There are a few reasons. I lack the skill to hold a story line for the length required for a novel or even a short story. I have never had an idea that could withstand a hundred thousand words, or even ten thousand words of rubber meeting the road. Ideas I would have for literature wouldn’t even get out of the parking lot. I believe that there are some people who can really write. They can take what they know and make a world with words. I have no understanding of that kind of talent beyond the fact that I know I do not have it.
This is just my opinion, but after having read a lot of fiction, literature, whatever you want to call it, from Wolfe to Houellebecq, I think you have to have an understanding and insight of the human condition that is informed and motivated by a desire to immerse yourself in the human world and bring these stories to bear. I simply don’t have it. There is not one human story I want to depict, or remotely have the ability to depict besides my own. When you read Fitzgerald’s Tender Is The Night — which to me, is a staggering work — I cannot understand how he could hang in there with that story and those people for almost a decade to write it. It’s difficult for me to be around anyone for longer than an hour. Love, death, elation, sorrow, I just don’t care all that much about any of it. I am at this point, more of an observer/journalist. I cannot explain how disconnected I feel from much of the human experience. I think the most “passionate” I get about actual humans are the ones I want to kill. I enjoy helping. I like doing benefits and things like that, but don’t feel the need to be thanked or even meet the people I am doing the benefit for. I feel close to people like Jimi Hendrix because I connect with his music. Not the man but what he did.

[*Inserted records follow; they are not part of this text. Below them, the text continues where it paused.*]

(* Let $a,\varepsilon\in\mathbb{R}$ with $\frac{|a|}{\sqrt2}<\varepsilon<|a|$ or $-|a|<\varepsilon<-\frac{|a|}{\sqrt2}$. Let $X_-(x,y,z)=(y,\,-ay+x+az+\varepsilon,\,x)$, $X_+(x,y,z)=(y,\,-ay-x-az+\varepsilon,\,x)$, $P=\left(-\frac{\sqrt{a^2-\varepsilon^2}}{a},\frac{\varepsilon}{a},0\right)$, and let $x_{\alpha_\pm}(t)$ be the solution of $\dot{\mathbf x}=X_\pm(\mathbf x)$ with $x_{\alpha_\pm}(0)=P$. Set $$t_-=\ln\left(\frac{\sqrt{a^2-\varepsilon^2}+\varepsilon}{\varepsilon-\sqrt{a^2-\varepsilon^2}}\right),\qquad t_+=2\arctan\left(\frac{\sqrt{a^2-\varepsilon^2}}{\varepsilon}\right).$$ Then $\|x_{\alpha_-}(t)\|^2<1$ for $0<t<t_-$ and $\|x_{\alpha_+}(t)\|^2>1$ for $0<t<t_+$.
   Context: $\|\cdot\|$ is the Euclidean norm on $\mathbb{R}^3$. *)

From Stdlib Require Import Reals.
From Coquelicot Require Import Coquelicot.
Open Scope R_scope.

Definition R3 : Type := (R * R * R)%type.

Definition Xminus (a eps : R) (p : R3) : R3 :=
  let '(x, y, z) := p in (y, - a * y + x + a * z + eps, x).

Definition Xplus (a eps : R) (p : R3) : R3 :=
  let '(x, y, z) := p in (y, - a * y - x - a * z + eps, x).

Definition sqnorm3 (p : R3) : R :=
  let '(x, y, z) := p in x ^ 2 + y ^ 2 + z ^ 2.

Definition c1 (p : R3) : R := fst (fst p).
Definition c2 (p : R3) : R := snd (fst p).
Definition c3 (p : R3) : R := snd p.

Definition is_solution (X : R3 -> R3) (p0 : R3) (u : R -> R3) : Prop :=
  u 0 = p0 /\
  forall t : R,
    is_derive (fun s => c1 (u s)) t (c1 (X (u t))) /\
    is_derive (fun s => c2 (u s)) t (c2 (X (u t))) /\
    is_derive (fun s => c3 (u s)) t (c3 (X (u t))).

Definition Ppt (a eps : R) : R3 :=
  (- sqrt (a ^ 2 - eps ^ 2) / a, eps / a, 0).

Definition tminus (a eps : R) : R :=
  ln ((sqrt (a ^ 2 - eps ^ 2) + eps) / (eps - sqrt (a ^ 2 - eps ^ 2))).

Definition tplus (a eps : R) : R :=
  2 * atan (sqrt (a ^ 2 - eps ^ 2) / eps).

From Pilot Require Import Defs.
From Stdlib Require Import Reals Lra Psatz.
From Coquelicot Require Import Coquelicot.
Open Scope R_scope.

(** Both vector fields have the first integral [y ∓ z - eps/a], which decays like
    [exp (-a t)] and vanishes at [P]. On the plane [y ∓ z = eps/a] the flow of [X_-]
    is the hyperbolic system [x' = y, y' = x] and the flow of [X_+] the rotation
    [x' = y, y' = -x], and [x^2 + y^2 = 1] at [P]. For [X_-] this gives
    [|u|^2 - 1 = (3 y + eps/a) (y - eps/a)], whose second factor stays negative up to
    time [t_-]; for [X_+] it gives [|u|^2 - 1 = z^2], and [z] has no zero in [(0, t_+)]. *)

(* [auto_derive] treats the unknown functions as opaque; their derivability and
   derivatives are then read off the [is_derive] hypotheses in the context. *)
Ltac auto_derive_from_hyps :=
  auto_derive; [repeat split; eexists; eauto | repeat erewrite is_derive_unique by eauto].

Lemma is_derive_0_const (g : R -> R) :
  (forall t, is_derive g t 0) -> forall t, g t = g 0.
Proof.
  intros Hg t.
  destruct (MVT_cor4 g (fun _ => 0) 0 (Rabs t) (fun c _ => Hg c) t) as [c [Hc _]].
  - rewrite Rminus_0_r; apply Rle_refl.
  - lra.
Qed.

Lemma linear_ode_solution (f : R -> R) (k : R) :
  (forall t, is_derive f t (k * f t)) -> forall t, f t = f 0 * exp (k * t).
Proof.
  intros Hf t.
  assert (Hg : forall s, is_derive (fun s => f s * exp (- (k * s))) s 0)
    by (intro s; auto_derive_from_hyps; ring).
  pose proof (is_derive_0_const _ Hg t) as E; simpl in E.
  rewrite Rmult_0_r, Ropp_0, exp_0, Rmult_1_r in E.
  rewrite <- E, Rmult_assoc, <- exp_plus.
  replace (- (k * t) + k * t) with 0 by ring.
  rewrite exp_0; ring.
Qed.

Lemma hyperbolic_ode_solution (x y : R -> R) :
  (forall t, is_derive x t (y t)) -> (forall t, is_derive y t (x t)) ->
  forall t, x t + y t = (x 0 + y 0) * exp t /\ x t - y t = (x 0 - y 0) * exp (- t).
Proof.
  intros Hx Hy t; split.
  - replace (exp t) with (exp (1 * t)) by (f_equal; ring).
    apply (linear_ode_solution (fun s => x s + y s)).
    intro s; auto_derive_from_hyps; ring.
  - replace (exp (- t)) with (exp (-1 * t)) by (f_equal; ring).
    apply (linear_ode_solution (fun s => x s - y s)).
    intro s; auto_derive_from_hyps; ring.
Qed.

Lemma harmonic_ode_solution (x y : R -> R) :
  (forall t, is_derive x t (y t)) -> (forall t, is_derive y t (- x t)) ->
  forall t, x t = x 0 * cos t + y 0 * sin t /\ y t = y 0 * cos t - x 0 * sin t.
Proof.
  intros Hx Hy t.
  assert (Hp : x t * cos t - y t * sin t = x 0).
  { rewrite (is_derive_0_const (fun s => x s * cos s - y s * sin s)), cos_0, sin_0.
    - ring.
    - intro s; auto_derive_from_hyps; ring. }
  assert (Hq : x t * sin t + y t * cos t = y 0).
  { rewrite (is_derive_0_const (fun s => x s * sin s + y s * cos s)), cos_0, sin_0.
    - ring.
    - intro s; auto_derive_from_hyps; ring. }
  pose proof (sin2_cos2 t) as Hsc; unfold Rsqr in Hsc.
  rewrite <- Hp, <- Hq; split.
  - transitivity (x t * (sin t * sin t + cos t * cos t)); [rewrite Hsc | ]; ring.
  - transitivity (y t * (sin t * sin t + cos t * cos t)); [rewrite Hsc | ]; ring.
Qed.

Lemma ln_pos_inv (r : R) : 0 < ln r -> 1 < r.
Proof.
  intro Hr.
  destruct (Rlt_dec 0 r) as [Hr0 | Hr0].
  - apply ln_lt_inv; [lra | exact Hr0 | now rewrite ln_1].
  - unfold ln in Hr; destruct (Rlt_dec 0 r); [contradiction | lra].
Qed.

Lemma atan_pos_inv (x : R) : 0 < atan x -> 0 < x.
Proof.
  intro Hx.
  destruct (Rtotal_order x 0) as [Hneg | [Hzero | Hpos]]; [| | exact Hpos].
  - pose proof (atan_increasing _ _ Hneg); rewrite atan_0 in *; lra.
  - subst; rewrite atan_0 in Hx; lra.
Qed.

(* Relies on [s / 0 = 0]. *)
Lemma div_pos_inv (s e : R) : 0 < s -> 0 < s / e -> 0 < e.
Proof.
  intros Hs Hse.
  destruct (Rtotal_order e 0) as [Hneg | [Hzero | Hpos]]; [| | exact Hpos].
  - enough (s / e < 0) by lra.
    apply Rmult_pos_neg; [exact Hs | now apply Rinv_lt_0_compat].
  - subst; unfold Rdiv in Hse; rewrite Rinv_0, Rmult_0_r in Hse; lra.
Qed.

Lemma lt_of_ratio_gt1 (s e : R) : 0 < s -> 1 < (s + e) / (e - s) -> s < e.
Proof.
  intros Hs Hr.
  assert (Hd : 0 < e - s).
  { apply (div_pos_inv (s + e)); [| lra].
    destruct (Rle_or_lt (s + e) 0) as [Hn | Hp]; [| exact Hp].
    destruct (Rtotal_order (e - s) 0) as [Hneg | [Hzero | Hpos]]; [| | lra].
    - enough ((s + e) / (e - s) <= 1) by lra.
      apply Rmult_le_reg_r with (- (e - s)); [lra |].
      replace ((s + e) / (e - s) * - (e - s)) with (- (s + e)) by (field; lra).
      lra.
    - rewrite Hzero in Hr; unfold Rdiv in Hr; rewrite Rinv_0, Rmult_0_r in Hr; lra. }
  lra.
Qed.

Lemma exp_combination_lt (s e t : R) :
  0 < s < e -> 0 < t < ln ((s + e) / (e - s)) ->
  (e - s) * exp t + (e + s) * exp (- t) < 2 * e.
Proof.
  intros [Hs Hse] [Ht Htr].
  assert (Hr : 0 < (s + e) / (e - s)) by (apply Rdiv_lt_0_compat; lra).
  assert (Hu1 : 1 < exp t) by (rewrite <- exp_0; apply exp_increasing; lra).
  assert (Hur : exp t < (s + e) / (e - s))
    by (rewrite <- (exp_ln _ Hr); apply exp_increasing; exact Htr).
  set (u := exp t) in *.
  assert (Hlin : (e - s) * u < s + e).
  { apply Rmult_lt_reg_r with (/ (e - s)); [apply Rinv_0_lt_compat; lra |].
    replace ((e - s) * u * / (e - s)) with u by (field; lra); exact Hur. }
  (* [u ((e - s) u + (e + s) / u - 2 e) = (u - 1) ((e - s) u - (e + s))] *)
  assert (Hfac : (u - 1) * ((e - s) * u - (e + s)) < 0) by nra.
  rewrite exp_Ropp; fold u.
  apply Rmult_lt_reg_r with u; [lra |].
  replace (((e - s) * u + (e + s) * / u) * u) with ((e - s) * u * u + (e + s))
    by (field; lra).
  nra.
Qed.

Lemma one_sub_cos_lt_sin (e s t : R) :
  0 < e -> 0 < t < 2 * atan (s / e) -> e * (1 - cos t) < s * sin t.
Proof.
  intros He Ht.
  set (h := t / 2).
  assert (Hh : 0 < h < atan (s / e)) by (unfold h; lra).
  pose proof (atan_bound (s / e)).
  assert (Hsin : 0 < sin h) by (apply sin_gt_0; lra).
  assert (Hcos : 0 < cos h) by (apply cos_gt_0; lra).
  assert (Htan : sin h / cos h < s / e).
  { rewrite <- (tan_atan (s / e)); apply tan_increasing; lra. }
  assert (Hhalf : e * sin h < s * cos h).
  { apply Rmult_lt_reg_r with (/ (e * cos h)); [apply Rinv_0_lt_compat; nra |].
    replace (e * sin h * / (e * cos h)) with (sin h / cos h) by (field; lra).
    replace (s * cos h * / (e * cos h)) with (s / e) by (field; lra).
    exact Htan. }
  replace t with (2 * h) by (unfold h; field).
  rewrite cos_2a_sin, sin_2a.
  nra.
Qed.

Section Flows.

Variables a eps : R.
Hypothesis Hea : eps ^ 2 < a ^ 2.

Let s := sqrt (a ^ 2 - eps ^ 2).

Fact a_neq0 : a <> 0.
Proof. intro Ha; subst; pose proof (pow2_ge_0 eps); simpl in Hea; lra. Qed.

Fact s_pos : 0 < s.
Proof. apply sqrt_lt_R0; lra. Qed.

Fact s_sqr : s ^ 2 = a ^ 2 - eps ^ 2.
Proof. unfold s; rewrite <- Rsqr_pow2; apply Rsqr_sqrt; lra. Qed.

Fact Ppt_on_unit_circle : (- s / a) ^ 2 + (eps / a) ^ 2 = 1.
Proof.
  pose proof a_neq0; pose proof s_sqr.
  replace ((- s / a) ^ 2 + (eps / a) ^ 2) with ((s ^ 2 + eps ^ 2) / a ^ 2) by (field; auto).
  replace (s ^ 2 + eps ^ 2) with (a ^ 2) by lra.
  field; auto.
Qed.

Section Xminus_flow.

Variable u : R -> R3.
Hypothesis Hu : is_solution (Xminus a eps) (Ppt a eps) u.

Let x t := Defs.c1 (u t).
Let y t := Defs.c2 (u t).
Let z t := Defs.c3 (u t).

Lemma Xminus_components t :
  is_derive x t (y t) /\ is_derive y t (- a * y t + x t + a * z t + eps) /\
  is_derive z t (x t).
Proof.
  pose proof (proj2 Hu t) as H; revert H; unfold x, y, z.
  destruct (u t) as [[p1 p2] p3]; intro H; exact H.
Qed.

Fact Xminus_initial : x 0 = - s / a /\ y 0 = eps / a /\ z 0 = 0.
Proof. unfold x, y, z; rewrite (proj1 Hu); repeat split. Qed.

Lemma Xminus_first_integral t : z t = y t - eps / a.
Proof.
  pose proof a_neq0; destruct Xminus_initial as (_ & Hy0 & Hz0).
  assert (Hw := linear_ode_solution (fun r => y r - z r - eps / a) (- a)).
  cbv beta in Hw; rewrite Hy0, Hz0 in Hw.
  enough (y t - z t - eps / a = 0) by lra.
  rewrite Hw; [field; auto |].
  intro r; destruct (Xminus_components r) as (Hx & Hy & Hz).
  auto_derive_from_hyps; field; auto.
Qed.

Lemma Xminus_derive_y t : is_derive y t (x t).
Proof.
  destruct (Xminus_components t) as (_ & Hy & _).
  rewrite Xminus_first_integral in Hy.
  replace (x t) with (- a * y t + x t + a * (y t - eps / a) + eps)
    by (field; exact a_neq0).
  exact Hy.
Qed.

Lemma Xminus_hyperbolic_solution t :
  x t + y t = (x 0 + y 0) * exp t /\ x t - y t = (x 0 - y 0) * exp (- t).
Proof.
  apply hyperbolic_ode_solution; [intro r; apply (Xminus_components r) | exact Xminus_derive_y].
Qed.

Lemma Xminus_y_formula t : 2 * a * y t = (eps - s) * exp t + (eps + s) * exp (- t).
Proof.
  pose proof a_neq0; destruct Xminus_initial as (Hx0 & Hy0 & _).
  destruct (Xminus_hyperbolic_solution t) as [Hsum Hdiff].
  replace (y t) with (((x t + y t) - (x t - y t)) / 2) by field.
  rewrite Hsum, Hdiff, Hx0, Hy0; field; auto.
Qed.

Lemma Xminus_sqnorm_sub1 t :
  a ^ 2 * (sqnorm3 (u t) - 1) = (3 * (a * y t) + eps) * (a * y t - eps).
Proof.
  pose proof a_neq0; pose proof s_sqr.
  destruct Xminus_initial as (Hx0 & Hy0 & _).
  destruct (Xminus_hyperbolic_solution t) as [Hsum Hdiff].
  assert (Hexp : exp t * exp (- t) = 1)
    by (rewrite <- exp_plus, Rplus_opp_r; apply exp_0).
  assert (Hx2 : x t ^ 2 - y t ^ 2 = x 0 ^ 2 - y 0 ^ 2).
  { replace (x t ^ 2 - y t ^ 2) with ((x t + y t) * (x t - y t)) by ring.
    rewrite Hsum, Hdiff.
    transitivity ((x 0 ^ 2 - y 0 ^ 2) * (exp t * exp (- t))); [ring | rewrite Hexp; ring]. }
  assert (Hax2 : a ^ 2 * x t ^ 2 = a ^ 2 * y t ^ 2 + (s ^ 2 - eps ^ 2)).
  { replace (s ^ 2 - eps ^ 2) with (a ^ 2 * (x 0 ^ 2 - y 0 ^ 2))
      by (rewrite Hx0, Hy0; field; auto).
    rewrite <- Hx2; ring. }
  replace (sqnorm3 (u t)) with (x t ^ 2 + y t ^ 2 + z t ^ 2)
    by (unfold x, y, z; destruct (u t) as [[p1 p2] p3]; reflexivity).
  rewrite Xminus_first_integral.
  field_simplify_eq; [lra | auto].
Qed.

Lemma Xminus_sqnorm_lt1 t : 0 < t < tminus a eps -> sqnorm3 (u t) < 1.
Proof.
  intro Ht.
  pose proof a_neq0 as Ha; pose proof s_pos as Hs.
  assert (Hse : s < eps).
  { apply lt_of_ratio_gt1; [exact Hs |].
    apply ln_pos_inv; unfold tminus in Ht; fold s in Ht; lra. }
  pose proof (exp_combination_lt s eps t (conj Hs Hse) Ht) as Hlt.
  pose proof (Xminus_y_formula t) as Hy.
  assert (0 < (eps - s) * exp t) by (apply Rmult_lt_0_compat; [lra | apply exp_pos]).
  assert (0 < (eps + s) * exp (- t)) by (apply Rmult_lt_0_compat; [lra | apply exp_pos]).
  assert (Hneg : (3 * (a * y t) + eps) * (a * y t - eps) < 0)
    by (apply Rmult_pos_neg; lra).
  pose proof (pow2_gt_0 _ Ha).
  pose proof (Xminus_sqnorm_sub1 t).
  nra.
Qed.

End Xminus_flow.

Section Xplus_flow.

Variable u : R -> R3.
Hypothesis Hu : is_solution (Xplus a eps) (Ppt a eps) u.

Let x t := Defs.c1 (u t).
Let y t := Defs.c2 (u t).
Let z t := Defs.c3 (u t).

Lemma Xplus_components t :
  is_derive x t (y t) /\ is_derive y t (- a * y t - x t - a * z t + eps) /\
  is_derive z t (x t).
Proof.
  pose proof (proj2 Hu t) as H; revert H; unfold x, y, z.
  destruct (u t) as [[p1 p2] p3]; intro H; exact H.
Qed.

Fact Xplus_initial : x 0 = - s / a /\ y 0 = eps / a /\ z 0 = 0.
Proof. unfold x, y, z; rewrite (proj1 Hu); repeat split. Qed.

Lemma Xplus_first_integral t : z t = eps / a - y t.
Proof.
  pose proof a_neq0; destruct Xplus_initial as (_ & Hy0 & Hz0).
  assert (Hw := linear_ode_solution (fun r => y r + z r - eps / a) (- a)).
  cbv beta in Hw; rewrite Hy0, Hz0 in Hw.
  enough (y t + z t - eps / a = 0) by lra.
  rewrite Hw; [field; auto |].
  intro r; destruct (Xplus_components r) as (Hx & Hy & Hz).
  auto_derive_from_hyps; field; auto.
Qed.

Lemma Xplus_derive_y t : is_derive y t (- x t).
Proof.
  destruct (Xplus_components t) as (_ & Hy & _).
  rewrite Xplus_first_integral in Hy.
  replace (- x t) with (- a * y t - x t - a * (eps / a - y t) + eps)
    by (field; exact a_neq0).
  exact Hy.
Qed.

Lemma Xplus_harmonic_solution t :
  x t = x 0 * cos t + y 0 * sin t /\ y t = y 0 * cos t - x 0 * sin t.
Proof.
  apply harmonic_ode_solution; [intro r; apply (Xplus_components r) | exact Xplus_derive_y].
Qed.

Lemma Xplus_sqnorm_sub1 t : sqnorm3 (u t) - 1 = z t ^ 2.
Proof.
  destruct Xplus_initial as (Hx0 & Hy0 & _).
  destruct (Xplus_harmonic_solution t) as [Hx Hy].
  pose proof (sin2_cos2 t) as Hsc; unfold Rsqr in Hsc.
  assert (Hxy : x t ^ 2 + y t ^ 2 = 1).
  { rewrite <- Ppt_on_unit_circle, <- Hx0, <- Hy0, Hx, Hy.
    transitivity ((x 0 ^ 2 + y 0 ^ 2) * (sin t * sin t + cos t * cos t)); [ring | rewrite Hsc; ring]. }
  replace (sqnorm3 (u t)) with (x t ^ 2 + y t ^ 2 + z t ^ 2)
    by (unfold x, y, z; destruct (u t) as [[p1 p2] p3]; reflexivity).
  lra.
Qed.

Lemma Xplus_z_formula t : a * z t = eps * (1 - cos t) - s * sin t.
Proof.
  pose proof a_neq0; destruct Xplus_initial as (Hx0 & Hy0 & _).
  rewrite Xplus_first_integral, (proj2 (Xplus_harmonic_solution t)), Hx0, Hy0.
  field; auto.
Qed.

Lemma Xplus_sqnorm_gt1 t : 0 < t < tplus a eps -> sqnorm3 (u t) > 1.
Proof.
  intro Ht.
  pose proof a_neq0 as Ha; pose proof s_pos as Hs.
  assert (He : 0 < eps).
  { apply (div_pos_inv s); [exact Hs |].
    apply atan_pos_inv; unfold tplus in Ht; fold s in Ht; lra. }
  pose proof (one_sub_cos_lt_sin eps s t He Ht) as Hlt.
  assert (Hz : z t <> 0).
  { intro Hz0; pose proof (Xplus_z_formula t) as Haz.
    rewrite Hz0, Rmult_0_r in Haz; lra. }
  pose proof (Xplus_sqnorm_sub1 t).
  pose proof (pow2_gt_0 _ Hz).
  lra.
Qed.

End Xplus_flow.

End Flows.

Theorem mainTheorem6 (a eps : R)
  (Heps : (Rabs a / sqrt 2 < eps < Rabs a) \/ (- Rabs a < eps < - (Rabs a / sqrt 2)))
  (um up : R -> R3)
  (Hum : is_solution (Xminus a eps) (Ppt a eps) um)
  (Hup : is_solution (Xplus a eps) (Ppt a eps) up) :
  (forall t : R, 0 < t < tminus a eps -> sqnorm3 (um t) < 1) /\
  (forall t : R, 0 < t < tplus a eps -> sqnorm3 (up t) > 1).
Proof.
  assert (Hea : eps ^ 2 < a ^ 2).
  { assert (0 <= Rabs a / sqrt 2)
      by (apply Rdiv_le_0_compat; [apply Rabs_pos | apply sqrt_lt_R0; lra]).
    rewrite <- (pow2_abs a); destruct Heps; nra. }
  split.
  - exact (Xminus_sqnorm_lt1 a eps Hea um Hum).
  - exact (Xplus_sqnorm_gt1 a eps Hea up Hup).
Qed.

I get asked the question of what writer would you like to have dinner with or whatever. I don’t have an answer. I don’t want to meet Damon Runyon nearly as much as I just want to read what he wrote. I think to write fiction, again, this is just how I see it, you have to have a powerful need/desire to connect. I can’t. Wanting to and not being able to has lead to a lot of misery in my life. I have written about that. So, I write what I can. I think being able to write like Michael Connelly and have a character that goes from novel to novel, or to dramatize history like Vidal or Ellroy, or have an explosively inventive mind like Bulgakov, would be an incredible thing. I don’t have that. I only have what I have.
So what’s next for you, book-wise?
Editing a journal/travel book of 2011-2012 writing, next photo book is almost done, Fanatic! Vol. 4 is well underway. Just Henry stuff, basically.
Finally, if someone enjoys Before The Chop II and they’ve already read Before The Chop, what book — not yours, but someone else’s, something similar — would you recommend they read and why that?
I have no idea how to answer that besides recommending reading who actually accomplishes what I unskillfully attempt to do: Matt Taibbi, Ryszard Kapuscinski, Robert Fisk, Greil Marcus.